### Work instructions
Scan the records beneath this line for the line holding "y1 k 0 * y2 l 0 - y1 l 0 * y2 k 0." and the line holding "apply/matrixP => l z; rewrite (ord1 z) !mxE.", then transcribe exactly those two and all lines between.

### Task material
(* Let $\mathbb{F}$ be a field, $n,m\ge 1$, and $B'_1,\dots,B'_n\in\mathrm{M}(n\times m,\mathbb{F})$. For $v\in\mathbb{F}^m$ let its right degree be the rank of the $n\times n$ matrix $[B'_1v,\dots,B'_nv]$. Let $\mathcal{A}\le\Lambda(n+m,\mathbb{F})$ be spanned by: $A_i=\begin{bmatrix}0&B'_i\\-B'^t_i&0\end{bmatrix}$ for $i\in[n]$; $C_{i,j}=e_ie_j^t-e_je_i^t$ for $1\le i<j\le n$; and $D_{k,\ell}=e_{n+k}e_{n+\ell}^t-e_{n+\ell}e_{n+k}^t$ for $1\le k<\ell\le m$ (here $e_1,\dots,e_{n+m}$ is the standard basis of $\mathbb{F}^{n+m}$). Then there exists a nonzero $v\in\mathbb{F}^m$ of right degree $<n$ if and only if $\mathcal{A}$ has an isotropic space of dimension $2$.
   Context: $\Lambda(N,\mathbb{F})$ is the space of $N\times N$ alternating matrices. A subspace $U$ is an isotropic space of $\mathcal{A}$ if $u^tAu'=0$ for all $u,u'\in U$, $A\in\mathcal{A}$. *)

From HB Require Import structures.
From mathcomp Require Import all_boot all_order all_algebra.
Set Implicit Arguments. Unset Strict Implicit. Unset Printing Implicit Defensive.
Import GRing.Theory.
Local Open Scope ring_scope.

Section Defs.
Variables (F : fieldType) (n m : nat).

Definition right_degree (B : 'I_n -> 'M[F]_(n, m)) (v : 'cV[F]_m) : nat :=
  \rank (\matrix_(r < n, c < n) (B c *m v) r 0).

Definition genA (B : 'I_n -> 'M[F]_(n, m)) (i : 'I_n) : 'M[F]_(n + m) :=
  block_mx 0 (B i) (- (B i)^T) 0.

Definition genC (i j : 'I_n) : 'M[F]_(n + m) :=
  delta_mx (lshift m i) (lshift m j) - delta_mx (lshift m j) (lshift m i).

Definition genD (k l : 'I_m) : 'M[F]_(n + m) :=
  delta_mx (rshift n k) (rshift n l) - delta_mx (rshift n l) (rshift n k).

Definition gens (B : 'I_n -> 'M[F]_(n, m)) : seq 'M[F]_(n + m) :=
  [seq genA B i | i <- enum 'I_n]
  ++ [seq genC p.1 p.2 | p <- enum [pred p : 'I_n * 'I_n | (p.1 < p.2)%N]]
  ++ [seq genD p.1 p.2 | p <- enum [pred p : 'I_m * 'I_m | (p.1 < p.2)%N]].

Definition Aspace (B : 'I_n -> 'M[F]_(n, m)) : {vspace 'M[F]_(n + m)} :=
  <<gens B>>%VS.

End Defs.

Definition isotropic (F : fieldType) (N : nat)
    (S : {vspace 'M[F]_N}) (U : {vspace 'cV[F]_N}) : Prop :=
  forall u u' A, u \in U -> u' \in U -> A \in S -> u^T *m A *m u' = 0.

From HB Require Import structures.
From mathcomp Require Import all_boot all_order all_algebra.
From mathcomp Require Import ring.
Set Implicit Arguments. Unset Strict Implicit. Unset Printing Implicit Defensive.
Import GRing.Theory.
Local Open Scope ring_scope.

(* On a pair u = (x1, y1), u' = (x2, y2) the generators of the
   matrix space A evaluate to
     A_c     : x1^T B_c y2 - x2^T B_c y1,
     C_(i,j) : the 2x2 minor x1_i x2_j - x1_j x2_i,
     D_(k,l) : the 2x2 minor y1_k y2_l - y1_l y2_k,
   so (u, u') is isotropic iff x1, x2 are collinear, y1, y2 are collinear and
   the A_c-forms are symmetric (lemma [gens_form0P]).  Moreover right_degree v
   < n iff some x <> 0 satisfies x^T B_c v = 0 for all c ([right_degree_ltP]).
   Forward direction: (x, 0) and (0, v) span a 2-dimensional isotropic space.
   Backward direction: take a basis (u1, u2) of the isotropic plane; by
   collinearity u1 = (a x, c y), u2 = (b x, d y), linear independence forces
   ad - bc <> 0, x <> 0, y <> 0 ([free_combination_det]), and the A_c
   condition becomes (ad - bc) x^T B_c y = 0, so y has right degree < n. *)

Section BilinearForms.
Variable F : fieldType.

Lemma mx11_eq0 (M : 'M[F]_1) : M = 0 <-> M 0 0 = 0.
Proof.
split=> [->|M00]; first by rewrite mxE.
by apply/matrixP=> i j; rewrite !ord1 M00 mxE.
Qed.

Lemma trmx11 (M : 'M[F]_1) : M^T = M.
Proof. by rewrite [M]mx11_scalar tr_scalar_mx. Qed.

Lemma form_delta N (u w : 'cV[F]_N) a b :
  (u^T *m delta_mx a b *m w) 0 0 = u a 0 * w b 0.
Proof.
rewrite mxE (bigD1 b) //= big1 => [|k /negbTE nkb]; last first.
  by rewrite mxE big1 ?mul0r // => l _; rewrite !mxE nkb andbF mulr0.
rewrite addr0 mxE (bigD1 a) //= big1 => [|l /negbTE nla]; last first.
  by rewrite !mxE nla mulr0.
by rewrite !mxE !eqxx mulr1 addr0.
Qed.

Lemma form_span N (X : seq 'M[F]_N) (u w : 'cV[F]_N) :
  (forall g, g \in X -> u^T *m g *m w = 0) ->
  forall A, A \in <<X>>%VS -> u^T *m A *m w = 0.
Proof.
move=> X0 A /(@coord_span _ _ _ (in_tuple X)) ->.
rewrite mulmx_sumr mulmx_suml big1 // => i _.
by rewrite -scalemxAr -scalemxAl X0 ?scaler0 // mem_nth.
Qed.

Lemma formZZ p q (x : 'cV[F]_p) (M : 'M[F]_(p, q)) (y : 'cV[F]_q) a d :
  (a *: x)^T *m M *m (d *: y) = (a * d) *: (x^T *m M *m y).
Proof.
have -> : (a *: x)^T = a *: x^T by apply/matrixP => i j; rewrite !mxE.
by rewrite -scalemxAr -!scalemxAl scalerA mulrC.
Qed.

Lemma form_genA n m (x1 x2 : 'cV[F]_n) (y1 y2 : 'cV[F]_m) M :
  (col_mx x1 y1)^T *m block_mx 0 M (- M^T) 0 *m col_mx x2 y2
  = x1^T *m M *m y2 - x2^T *m M *m y1.
Proof.
rewrite tr_col_mx mul_row_block mul_row_col !mulmx0 add0r addr0 addrC.
congr (_ + _); rewrite mulmxN mulNmx; congr (- _).
by rewrite -[RHS]trmx11 !trmx_mul trmxK mulmxA.
Qed.

Lemma form_genC n m (x1 x2 : 'cV[F]_n) (y1 y2 : 'cV[F]_m) i j :
  ((col_mx x1 y1)^T *m genC F m i j *m col_mx x2 y2) 0 0 =
  x1 i 0 * x2 j 0 - x1 j 0 * x2 i 0.
Proof. by rewrite /genC mulmxBr mulmxBl mxE [X in _ + X]mxE !form_delta !col_mxEu. Qed.

Lemma form_genD n m (x1 x2 : 'cV[F]_n) (y1 y2 : 'cV[F]_m) k l :
  ((col_mx x1 y1)^T *m genD F n k l *m col_mx x2 y2) 0 0 =
  y1 k 0 * y2 l 0 - y1 l 0 * y2 k 0.
Proof. by rewrite /genD mulmxBr mulmxBl mxE [X in _ + X]mxE !form_delta !col_mxEd. Qed.

End BilinearForms.

Section Collinearity.
Variable F : fieldType.

Definition collinear k (p q : 'cV[F]_k) : Prop :=
  forall i j, p i 0 * q j 0 = p j 0 * q i 0.

Lemma collinear_lt k (p q : 'cV[F]_k) :
  (forall i j : 'I_k, (i < j)%N -> p i 0 * q j 0 = p j 0 * q i 0) ->
  collinear p q.
Proof.
move=> pq i j; case: (ltngtP i j) => [/pq //|/pq -> //|/val_inj -> //].
Qed.

Lemma collinearZ k (r : 'cV[F]_k) a b : collinear (a *: r) (b *: r).
Proof. by move=> i j; rewrite !mxE; ring. Qed.

Lemma collinearP k (p q : 'cV[F]_k) :
  collinear p q -> exists r a b, p = a *: r /\ q = b *: r.
Proof.
move=> pq; have [->|] := eqVneq p 0.
  by exists q, 0, 1; rewrite scale0r scale1r.
case/matrix0Pn => i [j]; rewrite (ord1 j) => pi0.
exists p, 1, (q i 0 / p i 0); rewrite scale1r; split=> //.
apply/matrixP => l z; rewrite (ord1 z) !mxE.
by apply: (mulIf pi0); rewrite mulrAC divfK // mulrC pq mulrC.
Qed.

End Collinearity.

Section LinearIndependence.
Variables (F : fieldType) (V : vectType F).

Lemma free2P (u1 u2 : V) : free [:: u1; u2] ->
  forall s t, s *: u1 + t *: u2 = 0 -> s = 0 /\ t = 0.
Proof.
rewrite free_cons seq1_free span_seq1 => /andP [u1_out u2_nz] s t rel.
have [s0|s_nz] := eqVneq s 0.
  move: rel; rewrite s0 scale0r add0r => /eqP.
  by rewrite scaler_eq0 (negbTE u2_nz) orbF => /eqP.
case/negP: u1_out; apply/vlineP; exists (- t / s).
move/eqP: rel; rewrite addr_eq0 => /eqP rel.
by rewrite -[u1]scale1r -(mulVf s_nz) -scalerA rel -scaleNr scalerA mulrC.
Qed.

Lemma free_combination_det (p q : V) a b c d :
  free [:: a *: p + c *: q; b *: p + d *: q] ->
  [/\ a * d - b * c != 0, p != 0 & q != 0].
Proof.
set u1 := a *: p + c *: q; set u2 := b *: p + d *: q => indep.
have rel0 := free2P indep.
have Ep : d *: u1 + (- c) *: u2 = (a * d - b * c) *: p.
  rewrite scaleNr !scalerDr !scalerA opprD addrACA [d * c]mulrC subrr addr0.
  by rewrite -scalerBl [d * a]mulrC [c * b]mulrC.
have Eq : (- b) *: u1 + a *: u2 = (a * d - b * c) *: q.
  rewrite scaleNr !scalerDr !scalerA opprD addrC addrACA [a * b]mulrC subrr.
  by rewrite add0r -scalerBl.
have opp0 (e : F) : - e = 0 -> e = 0 by move/eqP; rewrite oppr_eq0 => /eqP.
have det_nz : a * d - b * c != 0.
  apply/eqP => det0; move: Ep Eq; rewrite det0 !scale0r.
  move=> /rel0 [_ /opp0 c0] /rel0 [_ a0].
  by move: (free_not0 indep (mem_head _ _)); rewrite /u1 a0 c0 !scale0r addr0 eqxx.
split=> //; apply/eqP => zero.
  move: Ep; rewrite zero scaler0 => /rel0 [d0 /opp0 c0].
  by move: det_nz; rewrite d0 c0 !mulr0 subrr eqxx.
move: Eq; rewrite zero scaler0 => /rel0 [/opp0 b0 a0].
by move: det_nz; rewrite a0 b0 !mul0r subrr eqxx.
Qed.

End LinearIndependence.

Section RightDegree.
Variable F : fieldType.

Lemma rank_lt_rowsP p q (M : 'M[F]_(p, q)) :
  reflect (exists2 z : 'rV_p, z != 0 & z *m M = 0) (\rank M < p)%N.
Proof.
rewrite ltnNge row_leq_rank -kermx_eq0.
apply: (iffP rowV0Pn) => [[z /sub_kermxP zM z_nz]|[z z_nz zM]].
  by exists z.
by exists z => //; apply/sub_kermxP.
Qed.

Lemma right_degree_ltP n m (B : 'I_n -> 'M[F]_(n, m)) (v : 'cV[F]_m) :
  (right_degree B v < n)%N <->
  exists2 x : 'cV[F]_n, x != 0 & forall c, x^T *m B c *m v = 0.
Proof.
have entry (z : 'rV_n) c :
    (z *m \matrix_(r < n, c < n) (B c *m v) r 0) 0 c = (z *m B c *m v) 0 0.
  by rewrite -mulmxA !mxE; apply: eq_bigr => r _; rewrite !mxE.
split=> [/rank_lt_rowsP [z z_nz zM]|[x x_nz xB]].
  exists z^T; first by rewrite trmx_eq0.
  by move=> c; apply/mx11_eq0; rewrite trmxK -entry zM mxE.
apply/rank_lt_rowsP; exists x^T; first by rewrite trmx_eq0.
by apply/matrixP => i c; rewrite (ord1 i) entry xB !mxE.
Qed.

End RightDegree.

Section Generators.
Variables (F : fieldType) (n m : nat) (B : 'I_n -> 'M[F]_(n, m)).

Lemma gens_form0P (x1 x2 : 'cV[F]_n) (y1 y2 : 'cV[F]_m) :
  (forall g, g \in gens B -> (col_mx x1 y1)^T *m g *m col_mx x2 y2 = 0) <->
  [/\ forall c, x1^T *m B c *m y2 = x2^T *m B c *m y1,
      collinear x1 x2 & collinear y1 y2].
Proof.
split=> [iso|[symA cx cy] g].
  split.
  - move=> c; apply/eqP; rewrite -subr_eq0 -form_genA; apply/eqP/iso.
    by rewrite /gens mem_cat (map_f (genA B)) ?mem_enum.
  - apply: collinear_lt => i j ij; apply/eqP; rewrite -subr_eq0 -(form_genC _ _ y1 y2).
    apply/eqP/mx11_eq0/iso; rewrite /gens !mem_cat orbC.
    by rewrite (map_f (fun p : 'I_n * 'I_n => genC F m p.1 p.2) (x := (i, j)))
      ?orbT // mem_enum inE.
  - apply: collinear_lt => k l kl; apply/eqP; rewrite -subr_eq0 -(form_genD x1 x2).
    apply/eqP/mx11_eq0/iso; rewrite /gens !mem_cat orbC.
    by rewrite (map_f (fun p : 'I_m * 'I_m => genD F n p.1 p.2) (x := (k, l)))
      ?orbT // mem_enum inE.
rewrite /gens !mem_cat => /orP [|/orP []] /mapP [[i j] _ ->].
- by rewrite form_genA symA subrr.
- by apply/mx11_eq0; rewrite form_genC cx subrr.
- by apply/mx11_eq0; rewrite form_genD cy subrr.
Qed.

End Generators.

Section Planes.
Variable F : fieldType.

Lemma free_col_mx_pair n m (x : 'cV[F]_n) (v : 'cV[F]_m) :
  x != 0 -> v != 0 -> free [:: col_mx x 0; col_mx 0 v].
Proof.
move=> x_nz v_nz; rewrite free_cons seq1_free span_seq1; apply/andP; split.
  apply/vlineP => -[k]; rewrite scale_col_mx scaler0 => /eq_col_mx [x0 _].
  by rewrite x0 eqxx in x_nz.
by apply: contraNneq v_nz; rewrite -col_mx0 => /eq_col_mx [_ ->].
Qed.

Lemma span_col_mx_pair n m (x : 'cV[F]_n) (v : 'cV[F]_m) u :
  u \in <<[:: col_mx x 0; col_mx 0 v]>>%VS ->
  exists s t, u = col_mx (s *: x) (t *: v).
Proof.
rewrite span_cons span_seq1 => /memv_addP [_ /vlineP [s ->] [_ /vlineP [t ->] ->]].
by exists s, t; rewrite !scale_col_mx !scaler0 add_col_mx addr0 add0r.
Qed.

Lemma col_mx_blocks n m (x : 'cV[F]_n) (y : 'cV[F]_m) a c :
  col_mx (a *: x) (c *: y) = a *: col_mx x 0 + c *: col_mx 0 y.
Proof. by rewrite !scale_col_mx !scaler0 add_col_mx addr0 add0r. Qed.

Lemma dim2_free_pair N (U : {vspace 'cV[F]_N}) : \dim U = 2%N ->
  exists u1 u2, [/\ free [:: u1; u2], u1 \in U & u2 \in U].
Proof.
move=> dimU; have size2 : size (vbasis U) = 2%N by rewrite size_tuple.
have indep := basis_free (vbasisP U).
have inU v : v \in (vbasis U : seq _) -> v \in U by apply: vbasis_mem.
move: size2 indep inU; case: (tval (vbasis U)) => [|u1 [|u2 [|]]] // _ indep inU.
by exists u1, u2; rewrite !inU ?inE ?eqxx ?orbT.
Qed.

End Planes.

Theorem claim7p4 (F : fieldType) (n m : nat) (hn : (1 <= n)%N) (hm : (1 <= m)%N)
    (B : 'I_n -> 'M[F]_(n, m)) :
  (exists v : 'cV[F]_m, v != 0 /\ (right_degree B v < n)%N) <->
  (exists U : {vspace 'cV[F]_(n + m)}, \dim U = 2%N /\ isotropic (Aspace B) U).
Proof.
split=> [[v [v_nz /right_degree_ltP [x x_nz xB]]]|[U [dimU iso]]].
  exists <<[:: col_mx x 0; col_mx 0 v]>>%VS.
  split; first exact/eqP/free_col_mx_pair.
  move=> u u' A /span_col_mx_pair [s [t ->]] /span_col_mx_pair [s' [t' ->]].
  move/form_span; apply; apply/gens_form0P; split; [|exact: collinearZ..].
  by move=> c; rewrite !formZZ !xB !scaler0.
have [u1 [u2 [indep u1U u2U]]] := dim2_free_pair dimU.
move: indep u1U u2U; rewrite -(vsubmxK u1) -(vsubmxK u2).
move: (usubmx u1) (dsubmx u1) (usubmx u2) (dsubmx u2) => x1 y1 x2 y2 indep u1U u2U.
have [symA cx cy] := (@gens_form0P _ _ _ B x1 x2 y1 y2).1
  (fun g gB => iso _ _ _ u1U u2U (memv_span gB)).
have [x [a [b [Ex1 Ex2]]]] := collinearP cx.
have [y [c [d [Ey1 Ey2]]]] := collinearP cy.
move: indep symA; rewrite Ex1 Ex2 Ey1 Ey2 !col_mx_blocks.
move=> /free_combination_det [det_nz x0_nz y0_nz] symA.
exists y; split; first by apply: contraNneq y0_nz => ->; rewrite col_mx0.
apply/right_degree_ltP; exists x; first by apply: contraNneq x0_nz => ->; rewrite col_mx0.
move=> k; have : (a * d - b * c) *: (x^T *m B k *m y) == 0.
  by rewrite scalerBl -!formZZ symA subrr.
by rewrite scaler_eq0 (negbTE det_nz) => /eqP.
Qed.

### Reply
  y1 k 0 * y2 l 0 - y1 l 0 * y2 k 0.
Proof. by rewrite /genD mulmxBr mulmxBl mxE [X in _ + X]mxE !form_delta !col_mxEd. Qed.

End BilinearForms.

Section Collinearity.
Variable F : fieldType.

Definition collinear k (p q : 'cV[F]_k) : Prop :=
  forall i j, p i 0 * q j 0 = p j 0 * q i 0.

Lemma collinear_lt k (p q : 'cV[F]_k) :
  (forall i j : 'I_k, (i < j)%N -> p i 0 * q j 0 = p j 0 * q i 0) ->
  collinear p q.
Proof.
move=> pq i j; case: (ltngtP i j) => [/pq //|/pq -> //|/val_inj -> //].
Qed.

Lemma collinearZ k (r : 'cV[F]_k) a b : collinear (a *: r) (b *: r).
Proof. by move=> i j; rewrite !mxE; ring. Qed.

Lemma collinearP k (p q : 'cV[F]_k) :
  collinear p q -> exists r a b, p = a *: r /\ q = b *: r.
Proof.
move=> pq; have [->|] := eqVneq p 0.
  by exists q, 0, 1; rewrite scale0r scale1r.
case/matrix0Pn => i [j]; rewrite (ord1 j) => pi0.
exists p, 1, (q i 0 / p i 0); rewrite scale1r; split=> //.
apply/matrixP => l z; rewrite (ord1 z) !mxE.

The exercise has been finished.